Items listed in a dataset
--------------------

(* A fibrewise space over B: a topological space X with a continuous
   projection p : X -> B (the hypothesis "continuous p" is added in the
   theorem).  Fibrewise product X x_B X, with the subspace topology of
   X * X (MathComp-Analysis' [set_type] carries the genuine subspace
   (initial) topology). *)
Definition fibprod_set {B X : topologicalType} (p : X -> B) : set (X * X) :=
  [set z | p z.1 = p z.2].

Definition fibprod {B X : topologicalType} (p : X -> B) : topologicalType :=
  set_type (fibprod_set p).

Definition fibprod_proj {B X : topologicalType} (p : X -> B)
  (z : fibprod p) : B := p (sval z).1.
Arguments fibprod_proj {B X} p z.

Definition fdiag {B X : topologicalType} (p : X -> B) (x : X) : fibprod p :=
  exist _ (x, x) (mem_set (erefl (p x))).

Definition fw_hausdorff {B X : topologicalType} (p : X -> B) : Prop :=
  closed (range (fdiag p)).

Definition perfectly_normal (T : topologicalType) : Prop :=
  normal_space T /\ (forall C : set T, closed C -> Gdelta C).

Definition closed_embedding {A Y : topologicalType} (u : A -> Y) : Prop :=
  [/\ continuous u, closed (range u) &
      exists g : Y -> A, {within range u, continuous g} /\ cancel u g].

(* Homotopies W x I -> E are
   represented as curried maps W -> R -> E continuous on W x [0,1]. *)
Definition fw_cofibration (R : realType) {B A Y : topologicalType}
  (pA : A -> B) (pY : Y -> B) (u : A -> Y) : Prop :=
  [/\ continuous u, (forall a, pY (u a) = pA a) &
  forall (E : topologicalType) (pE : E -> B), continuous pE ->
  forall (f : Y -> E) (h : A -> R -> E),
    continuous f -> (forall y, pE (f y) = pY y) ->
    {within [set: A] `*` unitI R, continuous (fun z : A * R => h z.1 z.2)} ->
    (forall a t, unitI R t -> pE (h a t) = pA a) ->
    (forall a, h a 0 = f (u a)) ->
    exists H : Y -> R -> E,
      [/\ {within [set: Y] `*` unitI R, continuous (fun z : Y * R => H z.1 z.2)},
          (forall y t, unitI R t -> pE (H y t) = pY y),
          (forall y, H y 0 = f y) &
          (forall a t, unitI R t -> H (u a) t = h a t)]].

Definition closed_fw_cofibration (R : realType) {B A Y : topologicalType}
  (pA : A -> B) (pY : Y -> B) (u : A -> Y) : Prop :=
  fw_cofibration R pA pY u /\ closed_embedding u.

Definition fw_LEC (R : realType) {B X : topologicalType} (p : X -> B) : Prop :=
  closed_fw_cofibration R p (fibprod_proj p) (fdiag p).

Definition fw_ULC (R : realType) {B X : topologicalType} (p : X -> B) : Prop :=
  exists W : set (fibprod p),
    [/\ open W, range (fdiag p) `<=` W &
    exists G : fibprod p -> R -> X,
      [/\ {within W `*` unitI R, continuous (fun z : fibprod p * R => G z.1 z.2)},
          (forall w t, W w -> unitI R t -> p (G w t) = fibprod_proj p w),
          (forall w, W w -> G w 0 = (sval w).1 /\ G w 1 = (sval w).2) &
          (forall x t, unitI R t -> G (fdiag p x) t = x)]].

--------------------

Work request: Search the records for the string "exists" and return every line in which it occurs.

Reply to the task:
      exists g : Y -> A, {within range u, continuous g} /\ cancel u g].
    exists H : Y -> R -> E,
  exists W : set (fibprod p),
    exists G : fibprod p -> R -> X,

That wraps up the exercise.